#### [Task statement]
Repeat exactly the lines from the start of the records below through the line that contains "op_unit : op_mod 1;", including both.

#### [Data records]
(* Let $\mathcal{O}$ be a nonsymmetric operad, $\pi\in\mathcal{O}(2)$ a multiplication on $\mathcal{O}$, and $R\in\mathcal{O}(1)$ a Rota-Baxter element with respect to $\pi$, i.e. $(\pi\circ_2 R)\circ_1 R=R\circ_1(\pi\circ_1 R+\pi\circ_2 R)$. Put $\pi_\prec=\pi\circ_2 R$ and $\pi_\succ=\pi\circ_1 R$. Then $(\pi_\prec,\pi_\succ)$ is a dendriform-multiplication on $\mathcal{O}$.
   Context: A nonsymmetric operad $\mathcal{O}$ (over a commutative unital ring $\mathbf{k}$ of characteristic $0$) consists of $\mathbf{k}$-modules $\mathcal{O}(n)$, $n\ge1$, bilinear partial compositions $\circ_i:\mathcal{O}(m)\otimes\mathcal{O}(n)\to\mathcal{O}(m+n-1)$ and a unit $\mathds{1}\in\mathcal{O}(1)$ satisfying $(f\circ_i g)\circ_{i+j-1}h=f\circ_i(g\circ_j h)$, $(f\circ_i g)\circ_{j+n-1}h=(f\circ_j h)\circ_i g$ for $i<j$, and $f\circ_i\mathds{1}=\mathds{1}\circ_1 f=f$. A multiplication is $\pi\in\mathcal{O}(2)$ with $\pi\circ_1\pi=\pi\circ_2\pi$. A dendriform-multiplication on $\mathcal{O}$ is a pair $(\pi_\prec,\pi_\succ)$ of elements of $\mathcal{O}(2)$ with $\pi_\prec\circ_1\pi_\prec=\pi_\prec\circ_2(\pi_\prec+\pi_\succ)$, $\pi_\prec\circ_1\pi_\succ=\pi_\succ\circ_2\pi_\prec$, and $\pi_\succ\circ_1(\pi_\prec+\pi_\succ)=\pi_\succ\circ_2\pi_\succ$. *)

From HB Require Import structures.
From mathcomp Require Import all_boot all_order all_algebra.
Set Implicit Arguments. Unset Strict Implicit. Unset Printing Implicit Defensive.
Import GRing.Theory.
Local Open Scope ring_scope.

(* The component O n is the k-module O(n); only arities n >= 1 are meaningful
   (O 0 is an unused junk component).  ocomp m n i f g is f o_i g, meaningful
   for 1 <= i <= m.  Since the arities in the associativity axioms agree only
   propositionally, those axioms are stated as equalities of dependent pairs
   in {n & O n}. *)
Record nsOperad (k : comPzRingType) := NsOperad {
  op_mod : nat -> lmodType k;
  ocomp : forall m n : nat, nat -> op_mod m -> op_mod n -> op_mod (m + n - 1)%N;
  op_unit : op_mod 1;
  ocompDl : forall m n i (g : op_mod n) (f1 f2 : op_mod m),
    (1 <= i <= m)%N -> ocomp i (f1 + f2) g = ocomp i f1 g + ocomp i f2 g;
  ocompZl : forall m n i (g : op_mod n) (a : k) (f : op_mod m),
    (1 <= i <= m)%N -> ocomp i (a *: f) g = a *: ocomp i f g;
  ocompDr : forall m n i (f : op_mod m) (g1 g2 : op_mod n),
    (1 <= i <= m)%N -> ocomp i f (g1 + g2) = ocomp i f g1 + ocomp i f g2;
  ocompZr : forall m n i (f : op_mod m) (a : k) (g : op_mod n),
    (1 <= i <= m)%N -> ocomp i f (a *: g) = a *: ocomp i f g;
  ocomp_seq : forall m n p i j (f : op_mod m) (g : op_mod n) (h : op_mod p),
    (1 <= m)%N -> (1 <= n)%N -> (1 <= p)%N ->
    (1 <= i <= m)%N -> (1 <= j <= n)%N ->
    existT op_mod _ (ocomp (i + j - 1) (ocomp i f g) h)
    = existT op_mod _ (ocomp i f (ocomp j g h));
  ocomp_par : forall m n p i j (f : op_mod m) (g : op_mod n) (h : op_mod p),
    (1 <= m)%N -> (1 <= n)%N -> (1 <= p)%N ->
    (1 <= i)%N -> (i < j)%N -> (j <= m)%N ->
    existT op_mod _ (ocomp (j + n - 1) (ocomp i f g) h)
    = existT op_mod _ (ocomp i (ocomp j f h) g);
  ocomp_unitr : forall m i (f : op_mod m),
    (1 <= m)%N -> (1 <= i <= m)%N ->
    existT op_mod _ (ocomp i f op_unit) = existT op_mod _ f;
  ocomp_unitl : forall m (f : op_mod m),
    (1 <= m)%N -> existT op_mod _ (ocomp 1 op_unit f) = existT op_mod _ f
}.

Arguments ocomp {k} _ {m n} _ _ _.

Definition is_multiplication (k : comPzRingType) (O : nsOperad k) (pi : op_mod O 2) :=
  ocomp O 1 pi pi = ocomp O 2 pi pi.

Definition is_rota_baxter (k : comPzRingType) (O : nsOperad k)
    (pi : op_mod O 2) (R : op_mod O 1) :=
  ocomp O 1 (ocomp O 2 pi R) R = ocomp O 1 R (ocomp O 1 pi R + ocomp O 2 pi R).

Definition is_dendriform_multiplication (k : comPzRingType) (O : nsOperad k)
    (pl pr : op_mod O 2) :=
  [/\ ocomp O 1 pl pl = ocomp O 2 pl (pl + pr),
      ocomp O 1 pl pr = ocomp O 2 pr pl
    & ocomp O 1 pr (pl + pr) = ocomp O 2 pr pr].

From Stdlib Require Import Eqdep_dec PeanoNat.
From mathcomp Require Import all_boot all_order all_algebra.
Import GRing.Theory.
Local Open Scope ring_scope.

(* Write [mu] for the ternary product [pi o_1 pi = pi o_2 pi].  In each of the
   three dendriform identities, use the Rota-Baxter identity wherever [R] is
   applied to a binary operation, then push every [R] outwards with the operad
   axioms: both sides become [mu] with [R] inserted into the same two of its
   three inputs. *)

Section OperadIdentities.

Variables (k : comPzRingType) (O : nsOperad k).

Local Notation "f \o_ i g" := (ocomp O i f g) (at level 40, i at level 2).

Lemma existT_op_inj n (x y : op_mod O n) :
  existT (op_mod O) n x = existT (op_mod O) n y -> x = y.
Proof. exact: (inj_pair2_eq_dec _ Nat.eq_dec (op_mod O)). Qed.

(* The axioms [ocomp_seq] and [ocomp_par] compare elements whose arities are
   only propositionally equal; in the instances below both arities compute to
   the same number, so the axioms become plain equalities.  The outer index [l]
   is a parameter so that rewriting produces a numeral, not [i + j - 1]. *)

Lemma ocompA_last_unary {i j l} (f g : op_mod O 2) (a : op_mod O 1) :
  (1 <= i <= 2)%N -> (1 <= j <= 2)%N -> (i + j - 1 = l)%N ->
  f \o_i (g \o_j a) = (f \o_i g) \o_l a.
Proof. by move=> Hi Hj <-; apply/esym/existT_op_inj; exact: (ocomp_seq f g a). Qed.

Lemma ocompA_mid_unary i (f : op_mod O 2) (a : op_mod O 1) (g : op_mod O 2) :
  (1 <= i <= 2)%N -> f \o_i (a \o_1 g) = (f \o_i a) \o_i g.
Proof.
move=> Hi; apply/esym/existT_op_inj.
rewrite -[X in ocomp O X _ g](addnK 1%N i).
exact: (ocomp_seq f a g).
Qed.

Lemma ocompC_unary {m i j} (f : op_mod O m) (a b : op_mod O 1) :
  (1 <= m)%N -> (1 <= i)%N -> (i < j <= m)%N ->
  (f \o_i a) \o_j b = (f \o_j b) \o_i a.
Proof.
move=> Hm Hi /andP[Hij Hjm]; apply/existT_op_inj.
by rewrite -[X in ocomp O X _ b](addnK 1%N j) ocomp_par.
Qed.

Lemma ocompC_binary_unary (f g : op_mod O 2) (a : op_mod O 1) :
  (f \o_1 g) \o_3 a = (f \o_2 a) \o_1 g.
Proof. exact/existT_op_inj/(ocomp_par (i := 1%N) (j := 2%N)). Qed.

Lemma ocompC_unary_binary (f : op_mod O 2) (a : op_mod O 1) (g : op_mod O 2) :
  (f \o_1 a) \o_2 g = (f \o_2 g) \o_1 a.
Proof. exact/existT_op_inj/(ocomp_par (i := 1%N) (j := 2%N)). Qed.

Variables (pi : op_mod O 2) (R : op_mod O 1).
Hypotheses (pi_assoc : is_multiplication pi) (R_rota_baxter : is_rota_baxter pi R).

Local Notation prec := (pi \o_2 R).
Local Notation succ := (pi \o_1 R).
Local Notation mu := (pi \o_1 pi).

Lemma prec_precA : prec \o_1 prec = prec \o_2 (prec + succ).
Proof.
have -> : prec \o_1 prec = (mu \o_3 R) \o_2 R.
  rewrite -ocompC_binary_unary (ocompA_last_unary (l := 2%N)) //.
  exact: (ocompC_unary (m := 3%N)).
rewrite -ocompA_mid_unary // addrC -R_rota_baxter.
rewrite (ocompA_last_unary (l := 2%N)) //.
by rewrite (ocompA_last_unary (l := 3%N)) // -pi_assoc.
Qed.

Lemma prec_succA : prec \o_1 succ = succ \o_2 prec.
Proof.
rewrite -ocompC_binary_unary (ocompA_last_unary (l := 1%N)) //.
rewrite ocompC_unary_binary (ocompA_last_unary (l := 3%N)) // -pi_assoc.
exact: (ocompC_unary (m := 3%N)).
Qed.

Lemma succ_succA : succ \o_1 (prec + succ) = succ \o_2 succ.
Proof.
have -> : succ \o_2 succ = (mu \o_2 R) \o_1 R.
  by rewrite ocompC_unary_binary (ocompA_last_unary (l := 2%N)) // -pi_assoc.
rewrite -ocompA_mid_unary // addrC -R_rota_baxter.
by rewrite (ocompA_last_unary (l := 1%N)) // (ocompA_last_unary (l := 2%N)).
Qed.

End OperadIdentities.

Theorem proposition4p4 (k : comPzRingType)
    (char0 : forall n : nat, (n.+1)%:R != 0 :> k)
    (O : nsOperad k) (pi : op_mod O 2) (R : op_mod O 1) :
  is_multiplication pi -> is_rota_baxter pi R ->
  is_dendriform_multiplication (ocomp O 2 pi R) (ocomp O 1 pi R).
Proof.
move=> pi_assoc R_rota_baxter.
split; [exact: prec_precA | exact: prec_succA | exact: succ_succA].
Qed.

#### [Answer box]
(* Let $\mathcal{O}$ be a nonsymmetric operad, $\pi\in\mathcal{O}(2)$ a multiplication on $\mathcal{O}$, and $R\in\mathcal{O}(1)$ a Rota-Baxter element with respect to $\pi$, i.e. $(\pi\circ_2 R)\circ_1 R=R\circ_1(\pi\circ_1 R+\pi\circ_2 R)$. Put $\pi_\prec=\pi\circ_2 R$ and $\pi_\succ=\pi\circ_1 R$. Then $(\pi_\prec,\pi_\succ)$ is a dendriform-multiplication on $\mathcal{O}$.
   Context: A nonsymmetric operad $\mathcal{O}$ (over a commutative unital ring $\mathbf{k}$ of characteristic $0$) consists of $\mathbf{k}$-modules $\mathcal{O}(n)$, $n\ge1$, bilinear partial compositions $\circ_i:\mathcal{O}(m)\otimes\mathcal{O}(n)\to\mathcal{O}(m+n-1)$ and a unit $\mathds{1}\in\mathcal{O}(1)$ satisfying $(f\circ_i g)\circ_{i+j-1}h=f\circ_i(g\circ_j h)$, $(f\circ_i g)\circ_{j+n-1}h=(f\circ_j h)\circ_i g$ for $i<j$, and $f\circ_i\mathds{1}=\mathds{1}\circ_1 f=f$. A multiplication is $\pi\in\mathcal{O}(2)$ with $\pi\circ_1\pi=\pi\circ_2\pi$. A dendriform-multiplication on $\mathcal{O}$ is a pair $(\pi_\prec,\pi_\succ)$ of elements of $\mathcal{O}(2)$ with $\pi_\prec\circ_1\pi_\prec=\pi_\prec\circ_2(\pi_\prec+\pi_\succ)$, $\pi_\prec\circ_1\pi_\succ=\pi_\succ\circ_2\pi_\prec$, and $\pi_\succ\circ_1(\pi_\prec+\pi_\succ)=\pi_\succ\circ_2\pi_\succ$. *)

From HB Require Import structures.
From mathcomp Require Import all_boot all_order all_algebra.
Set Implicit Arguments. Unset Strict Implicit. Unset Printing Implicit Defensive.
Import GRing.Theory.
Local Open Scope ring_scope.

(* The component O n is the k-module O(n); only arities n >= 1 are meaningful
   (O 0 is an unused junk component).  ocomp m n i f g is f o_i g, meaningful
   for 1 <= i <= m.  Since the arities in the associativity axioms agree only
   propositionally, those axioms are stated as equalities of dependent pairs
   in {n & O n}. *)
Record nsOperad (k : comPzRingType) := NsOperad {
  op_mod : nat -> lmodType k;
  ocomp : forall m n : nat, nat -> op_mod m -> op_mod n -> op_mod (m + n - 1)%N;
  op_unit : op_mod 1;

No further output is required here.